EXERCISE DESCRIPTION: Write the listing out again, all of it, word for word.

════════

Lemma box_pos_lower_bound {f g a b eta} : cont_sup f -> cont_sup g ->
  (forall z, in_box a b z -> eta <= f z -> 0 < g z) ->
  exists d, 0 < d /\ forall z, in_box a b z -> eta <= f z -> d <= g z.
Proof.
move=> cf cg gpos.
pose S := box a b `&` (f : {ptws I -> R} -> R) @^-1` [set r | (eta <= r)%O].
have S_compact : compact.compact S.
  apply: compact_closedI (box_compact a b) _.
  apply: preimage_closed; last exact: closed_ge.
  by move=> x _; apply: cont_sup_continuous.
have SE z : S z <-> in_box a b z /\ eta <= f z.
  by rewrite /S /=; split=> -[/boxE bz fz]; split=> //; apply/RleP.
have [S0|/set0P S_ne] := eqVneq S set0.
  exists 1; split=> [|z bz fz]; first exact: Rlt_0_1.
  by have := proj2 (SE z) (conj bz fz); rewrite S0.
have [c /[!inE] /SE[bc fc] minc] :=
  compact_EVT_min S_ne S_compact (continuous_subspaceT (cont_sup_continuous _ cg)).
exists (g c); split; first exact: gpos.
by move=> z bz fz; apply/RleP; apply: minc; rewrite inE; apply/SE.
Qed.

End BoxCompactness.

Lemma Rabs_le_between {x y} : Rabs x <= y -> - y <= x <= y.
Proof. by move=> h; have := Rle_abs x; have := Rle_abs (- x); rewrite Rabs_Ropp; lra. Qed.

Section RealSums.
Context {n : nat}.
Implicit Types F G : 'I_n -> R.
Local Notation sum F := (\big[Rplus/0]_(k < n) F k).

Lemma sumRD F G : sum (fun k => F k + G k) = sum F + sum G.
Proof. exact: big_split. Qed.

Lemma sumRZ c F : sum (fun k => c * F k) = c * sum F.
Proof. by rewrite -big_distrr. Qed.

Lemma sumR_ge0 F : (forall k, 0 <= F k) -> 0 <= sum F.
Proof. by move=> F0; apply: (big_ind (fun x => 0 <= x)) => //; [lra | move=> x y; lra]. Qed.

Lemma sumR_le F G : (forall k, F k <= G k) -> sum F <= sum G.
Proof. by move=> FG; apply: (big_ind2 (fun x y => x <= y)) => //; [lra | move=> x1 x2 y1 y2; lra]. Qed.

Lemma sumR_term_le F j : (forall k, 0 <= F k) -> F j <= sum F.
Proof.
move=> F0; rewrite (bigD1 j) // -{1}(Rplus_0_r (F j)); apply: Rplus_le_compat_l.
by apply: (big_ind (fun x => 0 <= x)) => //; [lra | move=> x y /=; lra].
Qed.

Lemma Rabs_sumR_le F : Rabs (sum F) <= sum (fun k => Rabs (F k)).
Proof.
apply: (big_ind2 (fun x y => Rabs x <= y)) => [|x1 x2 y1 y2|k _]; last lra.
  by rewrite Rabs_R0; lra.
by have := Rabs_triang x1 y1; lra.
Qed.

Lemma sumR_const c : sum (fun _ => c) = INR n * c.
Proof.
rewrite big_const_ord; elim: n => [|k IH] /=; first lra.
by rewrite IH; case: k {IH} => /= [|k]; lra.
Qed.

End RealSums.

Section Euclidean.
Context {N : nat}.
Implicit Types p q a h x y : vec N.

Lemma dot_ge0 p : 0 <= dot p p.
Proof. by apply: sumR_ge0 => k; nra. Qed.

Lemma enorm_ge0 p : 0 <= enorm p.
Proof. exact: sqrt_pos. Qed.

Lemma enorm_sqr p : enorm p * enorm p = dot p p.
Proof. exact/sqrt_sqrt/dot_ge0. Qed.

Lemma dotC p q : dot p q = dot q p.
Proof. by apply: eq_bigr => k _; ring. Qed.

Lemma dotZl c p q : dot (fun k => c * p k) q = c * dot p q.
Proof. by rewrite /dot -sumRZ; apply: eq_bigr => k _; ring. Qed.

Lemma dot0l q : dot (fun _ => 0) q = 0.
Proof.
rewrite /dot (eq_bigr (fun _ => 0)) => [|k _]; last ring.
by rewrite sumR_const; ring.
Qed.

Lemma dot_expand a h t :
  dot (fun k => a k + t * h k) (fun k => a k + t * h k) =
  dot a a + 2 * t * dot a h + t * t * dot h h.
Proof.
rewrite /dot -!sumRZ -!sumRD.
by apply: eq_bigr => k _; ring.
Qed.

Lemma coord_le_enorm p k : Rabs (p k) <= enorm p.
Proof.
rewrite -sqrt_Rsqr_abs /Rsqr /enorm /dot; apply: sqrt_le_1_alt.
by apply: (sumR_term_le (fun j => p j * p j) k) => j; nra.
Qed.

Lemma enorm_le_coord_bound p d : 0 <= d -> (forall k, Rabs (p k) <= d) ->
  enorm p <= (INR N + 1) * d.
Proof.
move=> d0 pd; have N0 := pos_INR N.
have dot_le : dot p p <= INR N * (d * d).
  rewrite /dot -sumR_const; apply: sumR_le => k.
  rewrite -(Rabs_pos_eq (p k * p k)) ?Rabs_mult; last nra.
  by have := pd k; have := Rabs_pos (p k); nra.
rewrite -(sqrt_square ((INR N + 1) * d)); last nra.
by apply: sqrt_le_1_alt; nra.
Qed.

Lemma enorm_eq0 p : enorm p = 0 -> forall k, p k = 0.
Proof.
move=> p0 k; have := coord_le_enorm p k; rewrite p0 => pk.
have [//|pk0] := Req_dec (p k) 0.
by have := Rabs_no_R0 _ pk0; have := Rabs_pos (p k); lra.
Qed.

Lemma dot_eq0l p q : (forall k, p k = 0) -> dot p q = 0.
Proof.
by move=> p0; rewrite -(dot0l q); apply: eq_bigr => k _; rewrite p0.
Qed.

Lemma cauchy_schwarz p q : dot p q <= enorm p * enorm q.
Proof.
have [/enorm_eq0/dot_eq0l -> | p0] := Req_dec (enorm p) 0.
  by have := enorm_ge0 p; have := enorm_ge0 q; nra.
have [/enorm_eq0/dot_eq0l | q0] := Req_dec (enorm q) 0.
  by rewrite dotC => ->; have := enorm_ge0 p; have := enorm_ge0 q; nra.
have a0 : 0 < enorm p by have := enorm_ge0 p; lra.
have b0 : 0 < enorm q by have := enorm_ge0 q; lra.
have := dot_ge0 (fun k => p k + (- enorm p / enorm q) * q k).
rewrite dot_expand -!enorm_sqr.
set a := enorm p in a0 *; set b := enorm q in b0 *.
have -> : - a / b * (- a / b) * (b * b) = a * a by field; lra.
have -> : 2 * (- a / b) * dot p q = - 2 * a * (dot p q / b) by field; lra.
move=> h; have : dot p q / b <= a by nra.
have -> : dot p q = dot p q / b * b by field; lra.
by nra.
Qed.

════════

TASK ANSWER:
Lemma box_pos_lower_bound {f g a b eta} : cont_sup f -> cont_sup g ->
  (forall z, in_box a b z -> eta <= f z -> 0 < g z) ->
  exists d, 0 < d /\ forall z, in_box a b z -> eta <= f z -> d <= g z.
Proof.
move=> cf cg gpos.
pose S := box a b `&` (f : {ptws I -> R} -> R) @^-1` [set r | (eta <= r)%O].
have S_compact : compact.compact S.
  apply: compact_closedI (box_compact a b) _.
  apply: preimage_closed; last exact: closed_ge.
  by move=> x _; apply: cont_sup_continuous.
have SE z : S z <-> in_box a b z /\ eta <= f z.
  by rewrite /S /=; split=> -[/boxE bz fz]; split=> //; apply/RleP.
have [S0|/set0P S_ne] := eqVneq S set0.
  exists 1; split=> [|z bz fz]; first exact: Rlt_0_1.
  by have := proj2 (SE z) (conj bz fz); rewrite S0.
have [c /[!inE] /SE[bc fc] minc] :=
  compact_EVT_min S_ne S_compact (continuous_subspaceT (cont_sup_continuous _ cg)).
exists (g c); split; first exact: gpos.
by move=> z bz fz; apply/RleP; apply: minc; rewrite inE; apply/SE.
Qed.

End BoxCompactness.

Lemma Rabs_le_between {x y} : Rabs x <= y -> - y <= x <= y.
Proof. by move=> h; have := Rle_abs x; have := Rle_abs (- x); rewrite Rabs_Ropp; lra. Qed.

Section RealSums.
Context {n : nat}.
Implicit Types F G : 'I_n -> R.
Local Notation sum F := (\big[Rplus/0]_(k < n) F k).

Lemma sumRD F G : sum (fun k => F k + G k) = sum F + sum G.
Proof. exact: big_split. Qed.

Lemma sumRZ c F : sum (fun k => c * F k) = c * sum F.
Proof. by rewrite -big_distrr. Qed.

Lemma sumR_ge0 F : (forall k, 0 <= F k) -> 0 <= sum F.
Proof. by move=> F0; apply: (big_ind (fun x => 0 <= x)) => //; [lra | move=> x y; lra]. Qed.

Lemma sumR_le F G : (forall k, F k <= G k) -> sum F <= sum G.
Proof. by move=> FG; apply: (big_ind2 (fun x y => x <= y)) => //; [lra | move=> x1 x2 y1 y2; lra]. Qed.

Lemma sumR_term_le F j : (forall k, 0 <= F k) -> F j <= sum F.
Proof.
move=> F0; rewrite (bigD1 j) // -{1}(Rplus_0_r (F j)); apply: Rplus_le_compat_l.
by apply: (big_ind (fun x => 0 <= x)) => //; [lra | move=> x y /=; lra].
Qed.

Lemma Rabs_sumR_le F : Rabs (sum F) <= sum (fun k => Rabs (F k)).
Proof.
apply: (big_ind2 (fun x y => Rabs x <= y)) => [|x1 x2 y1 y2|k _]; last lra.
  by rewrite Rabs_R0; lra.
by have := Rabs_triang x1 y1; lra.
Qed.

Lemma sumR_const c : sum (fun _ => c) = INR n * c.
Proof.
rewrite big_const_ord; elim: n => [|k IH] /=; first lra.
by rewrite IH; case: k {IH} => /= [|k]; lra.
Qed.

End RealSums.

Section Euclidean.
Context {N : nat}.
Implicit Types p q a h x y : vec N.

Lemma dot_ge0 p : 0 <= dot p p.
Proof. by apply: sumR_ge0 => k; nra. Qed.

Lemma enorm_ge0 p : 0 <= enorm p.
Proof. exact: sqrt_pos. Qed.

Lemma enorm_sqr p : enorm p * enorm p = dot p p.
Proof. exact/sqrt_sqrt/dot_ge0. Qed.

Lemma dotC p q : dot p q = dot q p.
Proof. by apply: eq_bigr => k _; ring. Qed.

Lemma dotZl c p q : dot (fun k => c * p k) q = c * dot p q.
Proof. by rewrite /dot -sumRZ; apply: eq_bigr => k _; ring. Qed.

Lemma dot0l q : dot (fun _ => 0) q = 0.
Proof.
rewrite /dot (eq_bigr (fun _ => 0)) => [|k _]; last ring.
by rewrite sumR_const; ring.
Qed.

Lemma dot_expand a h t :
  dot (fun k => a k + t * h k) (fun k => a k + t * h k) =
  dot a a + 2 * t * dot a h + t * t * dot h h.
Proof.
rewrite /dot -!sumRZ -!sumRD.
by apply: eq_bigr => k _; ring.
Qed.

Lemma coord_le_enorm p k : Rabs (p k) <= enorm p.
Proof.
rewrite -sqrt_Rsqr_abs /Rsqr /enorm /dot; apply: sqrt_le_1_alt.
by apply: (sumR_term_le (fun j => p j * p j) k) => j; nra.
Qed.

Lemma enorm_le_coord_bound p d : 0 <= d -> (forall k, Rabs (p k) <= d) ->
  enorm p <= (INR N + 1) * d.
Proof.
move=> d0 pd; have N0 := pos_INR N.
have dot_le : dot p p <= INR N * (d * d).
  rewrite /dot -sumR_const; apply: sumR_le => k.
  rewrite -(Rabs_pos_eq (p k * p k)) ?Rabs_mult; last nra.
  by have := pd k; have := Rabs_pos (p k); nra.
rewrite -(sqrt_square ((INR N + 1) * d)); last nra.
by apply: sqrt_le_1_alt; nra.
Qed.

Lemma enorm_eq0 p : enorm p = 0 -> forall k, p k = 0.
Proof.
move=> p0 k; have := coord_le_enorm p k; rewrite p0 => pk.
have [//|pk0] := Req_dec (p k) 0.
by have := Rabs_no_R0 _ pk0; have := Rabs_pos (p k); lra.
Qed.

Lemma dot_eq0l p q : (forall k, p k = 0) -> dot p q = 0.
Proof.
by move=> p0; rewrite -(dot0l q); apply: eq_bigr => k _; rewrite p0.
Qed.

Lemma cauchy_schwarz p q : dot p q <= enorm p * enorm q.
Proof.
have [/enorm_eq0/dot_eq0l -> | p0] := Req_dec (enorm p) 0.
  by have := enorm_ge0 p; have := enorm_ge0 q; nra.
have [/enorm_eq0/dot_eq0l | q0] := Req_dec (enorm q) 0.
  by rewrite dotC => ->; have := enorm_ge0 p; have := enorm_ge0 q; nra.
have a0 : 0 < enorm p by have := enorm_ge0 p; lra.
have b0 : 0 < enorm q by have := enorm_ge0 q; lra.
have := dot_ge0 (fun k => p k + (- enorm p / enorm q) * q k).
rewrite dot_expand -!enorm_sqr.
set a := enorm p in a0 *; set b := enorm q in b0 *.
have -> : - a / b * (- a / b) * (b * b) = a * a by field; lra.
have -> : 2 * (- a / b) * dot p q = - 2 * a * (dot p q / b) by field; lra.
move=> h; have : dot p q / b <= a by nra.
have -> : dot p q = dot p q / b * b by field; lra.
by nra.
Qed.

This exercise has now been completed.